PROVIDED ENTRIES
Start of Block
Lemma measurable_fun_cons_tuple {d} {X : measurableType d} {n}
    {F : X * n.+1.-tuple R -> \bar R} :
  measurable_fun setT F ->
  measurable_fun setT (fun z : (X * R) * n.-tuple R => F (z.1.1, cons_tuple z.1.2 z.2)).
Proof.
move=> mF; apply: measurableT_comp mF _; apply: measurable_fun_pair.
  exact: measurableT_comp measurable_fst measurable_fst.
apply: (@measurable_cons _ _ _ _ (fun z : (X * R) * n.-tuple R => z.1.2) n snd) => //.
exact: measurableT_comp measurable_snd measurable_fst.
Qed.

Lemma measurable_leb_int {d} {X : measurableType d} {n} {F : X * n.-tuple R -> \bar R} :
  measurable_fun setT F -> (forall z, 0 <= F z)%E ->
  measurable_fun setT (fun x => leb_int (fun t => F (x, t))).
Proof.
elim: n d X F => [|n IHn] d X F mF F0 /=.
  by apply: measurableT_comp mF _; apply: measurable_fun_pair => //; exact: measurable_cst.
have mG := IHn _ _ _ (measurable_fun_cons_tuple mF) (fun z => F0 _).
apply: (measurable_fun_fubini_tonelli_F (m2 := @lebesgue_measure R) _ mG) => z.
by apply: leb_int_ge0 => t; exact: F0.
Qed.

Lemma integral_leb_int {d} {X : measurableType d}
    (m : {sigma_finite_measure set X -> \bar R}) {n} (F : X * n.-tuple R -> \bar R) :
  measurable_fun setT F -> (forall z, 0 <= F z)%E ->
  (\int[m]_x leb_int (fun t => F (x, t)) = leb_int (fun t => \int[m]_x F (x, t)))%E.
Proof.
elim: n F => [|n IHn] F mF F0 //=.
have mG := measurable_leb_int (measurable_fun_cons_tuple mF) (fun z => F0 _).
have := fubini_tonelli (m1 := m) (m2 := @lebesgue_measure R) _ mG.
rewrite /= => -> //; last by move=> z; apply: leb_int_ge0 => t; exact: F0.
apply: eq_integral => y _; apply: (IHn (fun z => F (z.1, cons_tuple y z.2))) => [|z].
apply: measurableT_comp mF _; apply: measurable_fun_pair => //.
  exact: (@measurable_cons _ _ _ _ (fun _ : X * n.-tuple R => y) n snd).
exact: F0.
Qed.

Definition tuple_shift {n} (a t : n.-tuple R) : n.-tuple R :=
  [tuple tnth t i + tnth a i | i < n].

Lemma tuple_shift_cons n (a : n.+1.-tuple R) (y : R) (t : n.-tuple R) :
  tuple_shift a (cons_tuple y t) =
  cons_tuple (y + thead a) (tuple_shift [tuple of behead a] t).
Proof.
apply: eq_from_tnth => -[[|i] lti]; rewrite tnth_mktuple !(tnth_nth 0) //=.
  by rewrite [thead _](tnth_nth 0).
have := tnth_mktuple (fun j : 'I_n => tnth t j + tnth [tuple of behead a] j)
  (Ordinal (lti : (i < n)%N)).
by rewrite !(tnth_nth 0) /= => ->; rewrite nth_behead.
Qed.

Lemma leb_int_shift {n} (a : n.-tuple R) (G : n.-tuple R -> \bar R) :
  measurable_fun setT G -> (forall t, 0 <= G t)%E ->
  leb_int (fun t => G (tuple_shift a t)) = leb_int G.
Proof.
elim: n a G => [|n IHn] a G mG G0 /=; first by congr G; exact: tuple0.
transitivity (\int[@lebesgue_measure R]_y
                leb_int (fun t => G (cons_tuple (y + thead a)%R t)))%E.
  apply: eq_integral => y _; under eq_fun => t do rewrite tuple_shift_cons.
  apply: (IHn _ (fun t => G (cons_tuple (y + thead a)%R t))) => [|t]; last exact: G0.
  apply: measurableT_comp mG _.
  exact: (@measurable_cons _ _ _ _ (fun=> (y + thead a)%R) n id).
apply: (ge0_integral_lebesgue_shift _ (fun y => leb_int (fun t => G (cons_tuple y t)))).
  apply: (@measurable_leb_int _ _ _ (fun z : R * n.-tuple R => G (cons_tuple z.1 z.2))).
    apply: measurableT_comp mG _.
    apply: (@measurable_cons _ _ _ _ (fun z : R * n.-tuple R => z.1) n snd) => //.
    exact: measurable_fst.
  by move=> z; exact: G0.
by move=> y; apply: leb_int_ge0 => t; exact: G0.
Qed.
End of Block
PROBLEM DETAILS
Each record above should be retyped in full, exactly as shown.

ANSWER SECTION
Lemma measurable_fun_cons_tuple {d} {X : measurableType d} {n}
    {F : X * n.+1.-tuple R -> \bar R} :
  measurable_fun setT F ->
  measurable_fun setT (fun z : (X * R) * n.-tuple R => F (z.1.1, cons_tuple z.1.2 z.2)).
Proof.
move=> mF; apply: measurableT_comp mF _; apply: measurable_fun_pair.
  exact: measurableT_comp measurable_fst measurable_fst.
apply: (@measurable_cons _ _ _ _ (fun z : (X * R) * n.-tuple R => z.1.2) n snd) => //.
exact: measurableT_comp measurable_snd measurable_fst.
Qed.

Lemma measurable_leb_int {d} {X : measurableType d} {n} {F : X * n.-tuple R -> \bar R} :
  measurable_fun setT F -> (forall z, 0 <= F z)%E ->
  measurable_fun setT (fun x => leb_int (fun t => F (x, t))).
Proof.
elim: n d X F => [|n IHn] d X F mF F0 /=.
  by apply: measurableT_comp mF _; apply: measurable_fun_pair => //; exact: measurable_cst.
have mG := IHn _ _ _ (measurable_fun_cons_tuple mF) (fun z => F0 _).
apply: (measurable_fun_fubini_tonelli_F (m2 := @lebesgue_measure R) _ mG) => z.
by apply: leb_int_ge0 => t; exact: F0.
Qed.

Lemma integral_leb_int {d} {X : measurableType d}
    (m : {sigma_finite_measure set X -> \bar R}) {n} (F : X * n.-tuple R -> \bar R) :
  measurable_fun setT F -> (forall z, 0 <= F z)%E ->
  (\int[m]_x leb_int (fun t => F (x, t)) = leb_int (fun t => \int[m]_x F (x, t)))%E.
Proof.
elim: n F => [|n IHn] F mF F0 //=.
have mG := measurable_leb_int (measurable_fun_cons_tuple mF) (fun z => F0 _).
have := fubini_tonelli (m1 := m) (m2 := @lebesgue_measure R) _ mG.
rewrite /= => -> //; last by move=> z; apply: leb_int_ge0 => t; exact: F0.
apply: eq_integral => y _; apply: (IHn (fun z => F (z.1, cons_tuple y z.2))) => [|z].
apply: measurableT_comp mF _; apply: measurable_fun_pair => //.
  exact: (@measurable_cons _ _ _ _ (fun _ : X * n.-tuple R => y) n snd).
exact: F0.
Qed.

Definition tuple_shift {n} (a t : n.-tuple R) : n.-tuple R :=
  [tuple tnth t i + tnth a i | i < n].

Lemma tuple_shift_cons n (a : n.+1.-tuple R) (y : R) (t : n.-tuple R) :
  tuple_shift a (cons_tuple y t) =
  cons_tuple (y + thead a) (tuple_shift [tuple of behead a] t).
Proof.
apply: eq_from_tnth => -[[|i] lti]; rewrite tnth_mktuple !(tnth_nth 0) //=.
  by rewrite [thead _](tnth_nth 0).
have := tnth_mktuple (fun j : 'I_n => tnth t j + tnth [tuple of behead a] j)
  (Ordinal (lti : (i < n)%N)).
by rewrite !(tnth_nth 0) /= => ->; rewrite nth_behead.
Qed.

Lemma leb_int_shift {n} (a : n.-tuple R) (G : n.-tuple R -> \bar R) :
  measurable_fun setT G -> (forall t, 0 <= G t)%E ->
  leb_int (fun t => G (tuple_shift a t)) = leb_int G.
Proof.
elim: n a G => [|n IHn] a G mG G0 /=; first by congr G; exact: tuple0.
transitivity (\int[@lebesgue_measure R]_y
                leb_int (fun t => G (cons_tuple (y + thead a)%R t)))%E.
  apply: eq_integral => y _; under eq_fun => t do rewrite tuple_shift_cons.
  apply: (IHn _ (fun t => G (cons_tuple (y + thead a)%R t))) => [|t]; last exact: G0.
  apply: measurableT_comp mG _.
  exact: (@measurable_cons _ _ _ _ (fun=> (y + thead a)%R) n id).
apply: (ge0_integral_lebesgue_shift _ (fun y => leb_int (fun t => G (cons_tuple y t)))).
  apply: (@measurable_leb_int _ _ _ (fun z : R * n.-tuple R => G (cons_tuple z.1 z.2))).
    apply: measurableT_comp mG _.
    apply: (@measurable_cons _ _ _ _ (fun z : R * n.-tuple R => z.1) n snd) => //.
    exact: measurable_fst.
  by move=> z; exact: G0.
by move=> y; apply: leb_int_ge0 => t; exact: G0.
Qed.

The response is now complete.